VIPurPCA offers a visualization of uncertainty propagated through the dimensionality reduction technique Principal Component Analysis (PCA) by automatic differentiation.
VIPurPCA requires Python 3.7.3 or later and can be installed via:
pip install vipurpca
A website showing results and animations can be found here.

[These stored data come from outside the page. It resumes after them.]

(* Let $(A,\cdot)$ be an alternative algebra and $(V,\cdot_V,\mathfrak{l},\mathfrak{r})$ an $A$-bimodule alternative algebra. Let $[x,y]=x\cdot y-y\cdot x$ on $A$ and $[a,b]_V=a\cdot_V b-b\cdot_V a$ on $V$. Then $(V;[\cdot,\cdot]_V,\mathfrak{l}-\mathfrak{r})$ is an $A$-module Malcev algebra of the Malcev algebra $(A,[\cdot,\cdot])$.
   Context: Field of characteristic zero. An alternative algebra is a vector space with bilinear product whose associator $as(x,y,z)=(xy)z-x(yz)$ satisfies $as(x,x,y)=as(y,x,x)=0$; its commutator bracket makes it a Malcev algebra. A representation of $(A,\cdot)$ is $(V,\mathfrak{l},\mathfrak{r})$ with: $\mathfrak{r}(x)\mathfrak{r}(y)+\mathfrak{r}(y)\mathfrak{r}(x)-\mathfrak{r}(x\cdot y)-\mathfrak{r}(y\cdot x)=0$; $\mathfrak{l}(x\cdot y)+\mathfrak{l}(y\cdot x)-\mathfrak{l}(x)\mathfrak{l}(y)-\mathfrak{l}(y)\mathfrak{l}(x)=0$; $\mathfrak{l}(x\cdot y)+\mathfrak{r}(y)\mathfrak{l}(x)-\mathfrak{l}(x)\mathfrak{l}(y)-\mathfrak{l}(x)\mathfrak{r}(y)=0$; $\mathfrak{r}(y)\mathfrak{l}(x)+\mathfrak{r}(y)\mathfrak{r}(x)-\mathfrak{l}(x)\mathfrak{r}(y)-\mathfrak{r}(x\cdot y)=0$. An $A$-bimodule alternative algebra is $(V,\cdot_V,\mathfrak{l},\mathfrak{r})$ with $(V,\cdot_V)$ alternative, $(V,\mathfrak{l},\mathfrak{r})$ a representation, and for $x\in A$, $a,b\in V$: $\mathfrak{r}(x)(a\cdot_V b)-a\cdot_V(\mathfrak{r}(x)b)+\mathfrak{r}(x)(b\cdot_V a)-b\cdot_V(\mathfrak{r}(x)a)=0$; $(\mathfrak{l}(x)a)\cdot_V b-\mathfrak{l}(x)(a\cdot_V b)+(\mathfrak{l}(x)b)\cdot_V a-\mathfrak{l}(x)(b\cdot_V a)=0$; $(\mathfrak{l}(x)a)\cdot_V b-a\cdot_V(\mathfrak{l}(x)b)+(\mathfrak{r}(x)a)\cdot_V b-\mathfrak{l}(x)(a\cdot_V b)=0$; $(\mathfrak{r}(x)a)\cdot_V b-a\cdot_V(\mathfrak{l}(x)b)+\mathfrak{r}(x)(a\cdot_V b)-a\cdot_V(\mathfrak{r}(x)b)=0$. For a Malcev algebra $(A,[\cdot,\cdot])$ (anti-symmetric bracket with $J(x,y,[x,z])=[J(x,y,z),x]$, $J$ the Jacobian), a representation is $\rho:A\to\mathrm{End}(V)$ with $\rho([[x,y],z])=\rho(x)\rho(y)\rho(z)-\rho(z)\rho(x)\rho(y)+\rho(y)\rho([z,x])-\rho([y,z])\rho(x)$, and an $A$-module Malcev algebra $(V;[\cdot,\cdot]_V,\rho)$ is a Malcev algebra $(V,[\cdot,\cdot]_V)$ with a representation $\rho$ such that for $x,y\in A$, $a,b,c\in V$: $\rho([x,y])[a,b]_V=\rho(x)[\rho(y)a,b]_V-[\rho(y)\rho(x)a,b]_V-[\rho(x)\rho(y)b,a]_V+\rho(y)[\rho(x)b,a]_V$; $[\rho(x)a,\rho(y)b]_V=[\rho([x,y])a,b]_V-\rho(x)[\rho(y)a,b]_V+\rho(y)\rho(x)[a,b]_V+[\rho(y)\rho(x)b,a]_V$; $[\rho(x)a,[b,c]_V]_V=[[\rho(x)b,a]_V,c]_V-\rho(x)[[b,a]_V,c]_V-[\rho(x)[a,c]_V,b]_V-[[\rho(x)c,b]_V,a]_V$. *)

From HB Require Import structures.
From mathcomp Require Import all_boot all_algebra.
Set Implicit Arguments. Unset Strict Implicit. Unset Printing Implicit Defensive.
Import GRing.Theory.
Local Open Scope ring_scope.

Definition bilin (F : fieldType) (U V W : lmodType F) (f : U -> V -> W) : Prop :=
  (forall (a : F) x1 x2 y, f (a *: x1 + x2) y = a *: f x1 y + f x2 y) /\
  (forall (a : F) x y1 y2, f x (a *: y1 + y2) = a *: f x y1 + f x y2).

Definition assoc (F : fieldType) (A : lmodType F) (m : A -> A -> A) (x y z : A) : A :=
  m (m x y) z - m x (m y z).

Definition alternative (F : fieldType) (A : lmodType F) (m : A -> A -> A) : Prop :=
  bilin m /\ (forall x y, assoc m x x y = 0) /\ (forall x y, assoc m y x x = 0).

(* representation (V, l, r) of the alternative algebra (A, m);
   l x, r x : End(V), identities stated pointwise on V *)
Definition alt_rep (F : fieldType) (A V : lmodType F) (m : A -> A -> A)
  (l r : A -> V -> V) : Prop :=
  bilin l /\ bilin r /\
  (forall x y v, r x (r y v) + r y (r x v) - r (m x y) v - r (m y x) v = 0) /\
  (forall x y v, l (m x y) v + l (m y x) v - l x (l y v) - l y (l x v) = 0) /\
  (forall x y v, l (m x y) v + r y (l x v) - l x (l y v) - l x (r y v) = 0) /\
  (forall x y v, r y (l x v) + r y (r x v) - l x (r y v) - r (m x y) v = 0).

Definition bimodule_alternative (F : fieldType) (A V : lmodType F) (m : A -> A -> A)
  (mV : V -> V -> V) (l r : A -> V -> V) : Prop :=
  alternative mV /\ alt_rep m l r /\
  (forall x a b, r x (mV a b) - mV a (r x b) + r x (mV b a) - mV b (r x a) = 0) /\
  (forall x a b, mV (l x a) b - l x (mV a b) + mV (l x b) a - l x (mV b a) = 0) /\
  (forall x a b, mV (l x a) b - mV a (l x b) + mV (r x a) b - l x (mV a b) = 0) /\
  (forall x a b, mV (r x a) b - mV a (l x b) + r x (mV a b) - mV a (r x b) = 0).

Definition commutator (F : fieldType) (A : lmodType F) (m : A -> A -> A) (x y : A) : A :=
  m x y - m y x.

Definition jacobian (F : fieldType) (A : lmodType F) (br : A -> A -> A) (x y z : A) : A :=
  br (br x y) z + br (br y z) x + br (br z x) y.

Definition malcev (F : fieldType) (A : lmodType F) (br : A -> A -> A) : Prop :=
  bilin br /\ (forall x y, br x y = - br y x) /\
  (forall x y z, jacobian br x y (br x z) = br (jacobian br x y z) x).

Definition malcev_rep (F : fieldType) (A V : lmodType F) (br : A -> A -> A)
  (rho : A -> V -> V) : Prop :=
  bilin rho /\
  (forall x y z v, rho (br (br x y) z) v =
     rho x (rho y (rho z v)) - rho z (rho x (rho y v))
     + rho y (rho (br z x) v) - rho (br y z) (rho x v)).

Definition module_malcev (F : fieldType) (A V : lmodType F) (br : A -> A -> A)
  (brV : V -> V -> V) (rho : A -> V -> V) : Prop :=
  malcev br /\ malcev brV /\ malcev_rep br rho /\
  (forall x y a b, rho (br x y) (brV a b) =
     rho x (brV (rho y a) b) - brV (rho y (rho x a)) b
     - brV (rho x (rho y b)) a + rho y (brV (rho x b) a)) /\
  (forall x y a b, brV (rho x a) (rho y b) =
     brV (rho (br x y) a) b - rho x (brV (rho y a) b)
     + rho y (rho x (brV a b)) + brV (rho y (rho x b)) a) /\
  (forall x a b c, brV (rho x a) (brV b c) =
     brV (brV (rho x b) a) c - rho x (brV (brV b a) c)
     - brV (rho x (brV a c)) b - brV (brV (rho x c) b) a).

From HB Require Import structures.
From mathcomp Require Import all_boot all_algebra.
Set Implicit Arguments.
Unset Strict Implicit.
Unset Printing Implicit Defensive.
Import GRing.Theory.
Local Open Scope ring_scope.

(* The split null extension A ⋉ V, with product
   (x, a)(y, b) = (xy, l(x)b + r(y)a + ab), is an alternative algebra: this is
   exactly what the representation and bimodule axioms say.  Its commutator
   restricts to [,] on A, to l - r between A and V, and to [,]_V on V, so every
   axiom of an A-module Malcev algebra is an instance, at elements of A and V, of
   an identity satisfied by the commutator of any alternative algebra.  These
   identities are multilinear and hold in the free nonassociative ring modulo the
   linearized alternative laws; each is proved by exhibiting an explicit integer
   combination of instances of those laws and letting the kernel check that
   both sides expand to the same integer combination of monomials.
   Characteristic 0 is needed only to halve the linearized Malcev identity. *)

Definition associator (D : zmodType) (mul : D -> D -> D) (a b c : D) : D :=
  mul (mul a b) c - mul a (mul b c).

Definition lin_alternative (D : zmodType) (mul : D -> D -> D) : Prop :=
  [/\ left_distributive mul +%R, right_distributive mul +%R,
      forall a b c, associator mul a b c + associator mul b a c = 0
    & forall a b c, associator mul a b c + associator mul a c b = 0].
(* Let $U\colon\mathcal{E}\to\mathbf{Set}$ be a topological category and $\overline T\colon\mathcal{E}\to\mathcal{E}$ a lifting of a monad $T\colon\mathbf{Set}\to\mathbf{Set}$. Let $a\colon\overline TA\to A$ be a $\overline T$-algebra and $P\in\mathcal{E}$. Then there is at most one algebra structure $p\colon\overline TP\to P$ such that $(P,p)$ is a refinement of $(A,a)$.
   Context: Topological category: $U$ such that every family of maps $(f_i\colon Y\to UA_i)$ has a unique $U$-initial lift. Fibre $\mathcal{E}_Y$: objects $P$ with $UP=Y$, ordered by $P\sqsubseteq P'$ iff there is an $\mathcal{E}$-morphism $P\to P'$ over $\mathit{id}_Y$. $\overline T$ is a lifting of $T$: a monad on $\mathcal{E}$ with $U\overline T=TU$ whose unit and multiplication lie over those of $T$. A $\overline T$-algebra $(P,p)$ is a refinement of a $\overline T$-algebra $(A,a)$ if $P\in\mathcal{E}_{UA}$, $A\sqsubseteq P$, and the unique morphism $\iota_{A,P}\colon A\to P$ with $U\iota_{A,P}=\mathit{id}_{UA}$ is an algebra homomorphism. *)

Set Implicit Arguments.
Unset Strict Implicit.

Definition cast {X Y : Type} (e : X = Y) (x : X) : Y :=
  match e in _ = Z return Z with eq_refl => x end.

Record Category := {
  ob :> Type;
  hom : ob -> ob -> Type;
  idm : forall A, hom A A;
  comp : forall A B C, hom B C -> hom A B -> hom A C;
  comp_id_l : forall A B (f : hom A B), comp (idm B) f = f;
  comp_id_r : forall A B (f : hom A B), comp f (idm A) = f;
  comp_assoc : forall A B C D (f : hom A B) (g : hom B C) (h : hom C D),
      comp h (comp g f) = comp (comp h g) f
}.

Arguments idm {E} A : rename.
Arguments comp {E A B C} : rename.

Record SetFunctor (E : Category) := {
  Fob : E -> Type;
  Fmap : forall A B : E, hom A B -> Fob A -> Fob B;
  Fmap_id : forall (A : E) x, Fmap (idm A) x = x;
  Fmap_comp : forall (A B C : E) (f : hom A B) (g : hom B C) x,
      Fmap (comp g f) x = Fmap g (Fmap f x)
}.

Arguments Fmap {E} U {A B} : rename.

Definition faithful (E : Category) (U : SetFunctor E) : Prop :=
  forall (A B : E) (f g : hom A B), (forall x, Fmap U f x = Fmap U g x) -> f = g.

(* A U-initial lift of the U-structured source (f_i : Y -> U A_i)_{i in I}:
   an object P with an identification e : UP = Y and morphisms
   fb_i : P -> A_i with U fb_i = f_i (after transport along e), such that for
   every source (h_i : B -> A_i) and every map g : UB -> Y with
   U h_i = f_i o g there is a unique h : B -> P with U h = g (after
   transport) and fb_i o h = h_i. *)
Definition initial_lift (E : Category) (U : SetFunctor E) (Y : Type)
    (I : Type) (A : I -> E) (f : forall i, Y -> Fob U (A i))
    (L : { P : E & { e : Fob U P = Y & forall i, hom P (A i) } }) : Prop :=
  let P := projT1 L in
  let e := projT1 (projT2 L) in
  let fb := projT2 (projT2 L) in
  (forall i x, Fmap U (fb i) x = f i (cast e x)) /\
  (forall (B : E) (g : Fob U B -> Y) (h : forall i, hom B (A i)),
      (forall i x, Fmap U (h i) x = f i (g x)) ->
      exists! k : hom B P,
        (forall x, cast e (Fmap U k x) = g x) /\ (forall i, comp (fb i) k = h i)).

(* Topological category (concrete, i.e. U faithful, as in Adamek--Herrlich--
   Strecker): every U-structured source has a unique U-initial lift. *)
Definition topological (E : Category) (U : SetFunctor E) : Prop :=
  @faithful E U /\
  forall (Y : Type) (I : Type) (A : I -> E) (f : forall i, Y -> Fob U (A i)),
    exists! L, @initial_lift E U Y I A f L.

Record SetMonad := {
  Tob : Type -> Type;
  Tmap : forall X Y : Type, (X -> Y) -> Tob X -> Tob Y;
  Tmap_id : forall X (t : Tob X), Tmap (fun x => x) t = t;
  Tmap_comp : forall X Y Z (f : X -> Y) (g : Y -> Z) t,
      Tmap (fun x => g (f x)) t = Tmap g (Tmap f t);
  Teta : forall X, X -> Tob X;
  Tmu : forall X, Tob (Tob X) -> Tob X;
  Teta_nat : forall X Y (f : X -> Y) x, Tmap f (Teta x) = Teta (f x);
  Tmu_nat : forall X Y (f : X -> Y) t, Tmap f (Tmu t) = Tmu (Tmap (Tmap f) t);
  Tmu_eta_l : forall X (t : Tob X), Tmu (Teta t) = t;
  Tmu_eta_r : forall X (t : Tob X), Tmu (Tmap (@Teta X) t) = t;
  Tmu_assoc : forall X (t : Tob (Tob (Tob X))),
      Tmu (Tmu t) = Tmu (Tmap (@Tmu X) t)
}.

Arguments Tmap {T X Y} : rename.
Arguments Teta {T X} : rename.
Arguments Tmu {T X} : rename.

Record EMonad (E : Category) := {
  Mob : E -> E;
  Mmap : forall A B : E, hom A B -> hom (Mob A) (Mob B);
  Mmap_id : forall A : E, Mmap (idm A) = idm (Mob A);
  Mmap_comp : forall (A B C : E) (f : hom A B) (g : hom B C),
      Mmap (comp g f) = comp (Mmap g) (Mmap f);
  Munit : forall A : E, hom A (Mob A);
  Mmult : forall A : E, hom (Mob (Mob A)) (Mob A);
  Munit_nat : forall (A B : E) (f : hom A B),
      comp (Mmap f) (Munit A) = comp (Munit B) f;
  Mmult_nat : forall (A B : E) (f : hom A B),
      comp (Mmap f) (Mmult A) = comp (Mmult B) (Mmap (Mmap f));
  Mmult_unit_l : forall A : E, comp (Mmult A) (Munit (Mob A)) = idm (Mob A);
  Mmult_unit_r : forall A : E, comp (Mmult A) (Mmap (Munit A)) = idm (Mob A);
  Mmult_assoc : forall A : E,
      comp (Mmult A) (Mmult (Mob A)) = comp (Mmult A) (Mmap (Mmult A))
}.

Arguments Mmap {E} M {A B} : rename.
Arguments Munit {E} M A : rename.
Arguments Mmult {E} M A : rename.

(* Tb is a lifting of T along U: U o Tb = T o U (on objects and morphisms),
   and the unit and multiplication of Tb lie over those of T. *)
Definition lifting (E : Category) (U : SetFunctor E) (T : SetMonad)
    (Tb : EMonad E) : Prop :=
  exists lob : forall A : E, Fob U (Mob Tb A) = Tob T (Fob U A),
    (forall (A B : E) (f : hom A B) (x : Fob U (Mob Tb A)),
        cast (lob B) (Fmap U (Mmap Tb f) x) = Tmap (Fmap U f) (cast (lob A) x)) /\
    (forall (A : E) (x : Fob U A),
        cast (lob A) (Fmap U (Munit Tb A) x) = Teta x) /\
    (forall (A : E) (x : Fob U (Mob Tb (Mob Tb A))),
        cast (lob A) (Fmap U (Mmult Tb A) x)
        = Tmu (Tmap (cast (lob A)) (cast (lob (Mob Tb A)) x))).

Definition is_algebra (E : Category) (M : EMonad E) (A : E)
    (a : hom (Mob M A) A) : Prop :=
  comp a (Munit M A) = idm A /\ comp a (Mmap M a) = comp a (Mmult M A).

Definition is_alg_hom (E : Category) (M : EMonad E) (A B : E)
    (a : hom (Mob M A) A) (b : hom (Mob M B) B) (h : hom A B) : Prop :=
  comp h a = comp b (Mmap M h).

Definition over_id (E : Category) (U : SetFunctor E) (A P : E)
    (e : Fob U A = Fob U P) (h : hom A P) : Prop :=
  forall x, Fmap U h x = cast e x.

Definition fibre_le (E : Category) (U : SetFunctor E) (P P' : E) : Prop :=
  exists e : Fob U P = Fob U P', exists h : hom P P', @over_id E U P P' e h.

(* (P,p) is a refinement of (A,a): P in E_{UA}, A ⊑ P, and the (unique)
   morphism iota : A -> P over id_{UA} is an algebra homomorphism. *)
Definition refinement (E : Category) (U : SetFunctor E) (M : EMonad E)
    (A : E) (a : hom (Mob M A) A) (P : E) (p : hom (Mob M P) P) : Prop :=
  exists e : Fob U P = Fob U A,
    @fibre_le E U A P /\
    forall iota : hom A P, @over_id E U A P (eq_sym e) iota -> @is_alg_hom E M A P a p iota.

(* The comparison morphism iota : A -> P lies over the identity, so the
   underlying map of Tb iota is T applied to the identity of UA, hence
   surjective; as U is faithful, Tb iota is epi.  If p and q both make iota an
   algebra homomorphism, then p o Tb iota = iota o a = q o Tb iota, so p = q. *)

From Stdlib Require Import ProofIrrelevance FunctionalExtensionality.

Set Implicit Arguments.
Unset Strict Implicit.

Lemma cast_sym_r (X Y : Type) (e : X = Y) (y : Y) : cast e (cast (eq_sym e) y) = y.
Proof. destruct e; reflexivity. Qed.

Lemma cast_inj (X Y : Type) (e : X = Y) (x y : X) : cast e x = cast e y -> x = y.
Proof. destruct e; trivial. Qed.

Lemma Tmap_split_epi (T : SetMonad) (X Y : Type) (f : X -> Y) (s : Y -> X) :
  (forall y, f (s y) = y) -> forall t, @Tmap T _ _ f (Tmap s t) = t.
Proof.
  intros fs t.
  rewrite <- Tmap_comp.
  replace (fun y => f (s y)) with (fun y : Y => y) by (extensionality y; auto).
  apply Tmap_id.
Qed.

Lemma lifting_split_epi (E : Category) (U : SetFunctor E) (T : SetMonad)
    (Tb : EMonad E) (A B : E) (h : hom A B) (s : Fob U B -> Fob U A) :
  @lifting E U T Tb -> (forall y, Fmap U h (s y) = y) ->
  exists s' : Fob U (Mob Tb B) -> Fob U (Mob Tb A),
    forall y, Fmap U (Mmap Tb h) (s' y) = y.
Proof.
  intros [lob [lob_map _]] hs.
  exists (fun y => cast (eq_sym (lob A)) (Tmap s (cast (lob B) y))).
  intro y; apply (@cast_inj _ _ (lob B)).
  rewrite lob_map, cast_sym_r.
  now apply Tmap_split_epi.
Qed.

Lemma faithful_surj_epi (E : Category) (U : SetFunctor E) (A B C : E)
    (h : hom A B) (f g : hom B C) :
  @faithful E U -> (forall y, exists x, Fmap U h x = y) ->
  comp f h = comp g h -> f = g.
Proof.
  intros U_faithful h_surj fh_gh.
  apply U_faithful; intro y.
  destruct (h_surj y) as [x <-].
  now rewrite <- !Fmap_comp, fh_gh.
Qed.

Lemma over_id_split_epi (E : Category) (U : SetFunctor E) (A P : E)
    (e : Fob U A = Fob U P) (h : hom A P) :
  @over_id E U A P e h -> forall y, Fmap U h (cast (eq_sym e) y) = y.
Proof. intros h_over y; now rewrite h_over, cast_sym_r. Qed.

Lemma refinement_alg_hom (E : Category) (U : SetFunctor E) (M : EMonad E)
    (A : E) (a : hom (Mob M A) A) (P : E) (p : hom (Mob M P) P)
    (e : Fob U A = Fob U P) (iota : hom A P) :
  @refinement E U M A a P p -> @over_id E U A P e iota ->
  @is_alg_hom E M A P a p iota.
Proof.
  intros [e' [_ iota_hom]] iota_over.
  apply iota_hom.
  now rewrite (proof_irrelevance _ (eq_sym e') e).
Qed.

Theorem lemma1 (E : Category) (U : SetFunctor E) (HU : @topological E U)
    (T : SetMonad) (Tb : EMonad E) (HL : @lifting E U T Tb)
    (A : E) (a : hom (Mob Tb A) A) (Ha : @is_algebra E Tb A a) (P : E)
    (p q : hom (Mob Tb P) P) :
  @is_algebra E Tb P p -> @refinement E U Tb A a P p ->
  @is_algebra E Tb P q -> @refinement E U Tb A a P q ->
  p = q.
Proof.
  intros _ p_ref _ q_ref.
  pose proof p_ref as [_ [[e [iota iota_over]] _]].
  pose proof (refinement_alg_hom p_ref iota_over) as p_hom.
  pose proof (refinement_alg_hom q_ref iota_over) as q_hom.
  destruct (lifting_split_epi HL (over_id_split_epi iota_over)) as [s Ts].
  apply (faithful_surj_epi (h := Mmap Tb iota) (proj1 HU)).
  - intro y; now exists (s y).
  - unfold is_alg_hom in p_hom, q_hom; congruence.
Qed.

In order to propagate uncertainty through PCA the class PCA
can be used, which has the following parameters, attributes, and methods:
Parameters | |
---|---|
matrix : array_like Array of size [n, p] containing mean numbers to which VIPurPCA should be applied. |
|
sample_cov : array_like of shape [n, n] or [n], default=None, optional Input uncertainties in terms of the sample covariance matrix. If sample_cov is one-dimensional its values are assumed to be the diagonal of a diagonal matrix. Used to compute the total covariance matrix over the input using the Kronecker product of sample_cov and feature_cov. |
|
feature_cov : array_like of shape [p, p] or [p], default=None, optional Input uncertainties in terms of the feature covariance matrix. If feature_cov is one-dimensional its values are assumed to be the diagonal of a diagonal matrix. Used to compute the total covariance matrix over the input using the Kronecker product of sample_cov and feature_cov. |
|
full_cov : array_like of shape [np, np] or [np], default=None, optional Input uncertainties in terms of the full covariance matrix. If full_cov is one-dimensional its values are assumed to be the diagonal of a diagonal matrix. Used alternatively to the Kronecker product of sample_cov and feature_cov. Requires more memory. |
|
n_components : int or float, default=None, optional Number of components to keep. |
|
axis : {0, 1} , default=0, optional The default expects samples in rows and features in columns. |
Attributes | |
---|---|
size : [n, p] Dimension of matrix (n: number of samples, p: number of dimensions) |
|
eigenvalues : ndarray of size [n_components] Eigenvalues obtained from eigenvalue decomposition of the covariance matrix. |
|
eigenvectors : ndarray of size [n_componentsp, np] Eigenvectors obtained from eigenvalue decomposition of the covariance matrix. |
|
jacobian : ndarray of size [n_componentsp, np] Jacobian containing derivatives of eigenvectors w.r.t. input matrix. |
|
cov_eigenvectors : ndarray of size [n_componentsp, n_componentsp] Propagated uncertainties of eigenvectors. |
|
transformed data : ndarray of size [n, n_components] Low dimensional representation of data after applying PCA. |
Methods | |
---|---|
pca_value() | Apply PCA to the matrix. |
compute_cov_eigenvectors(save_jacobian=False) | Compute uncertainties of eigenvectors. |
animate(pcx=1, pcy=2, n_frames=10, labels=None, outfile='animation.gif') | Generate animation of PCA-plot of PC pcx vs. PC pcy with n_frames number of frames. labels (list, 1d array) indicate labelling of individual samples. > |
Two example datasets can be loaded after installing VIPurPCA providing mean, covariance and labels.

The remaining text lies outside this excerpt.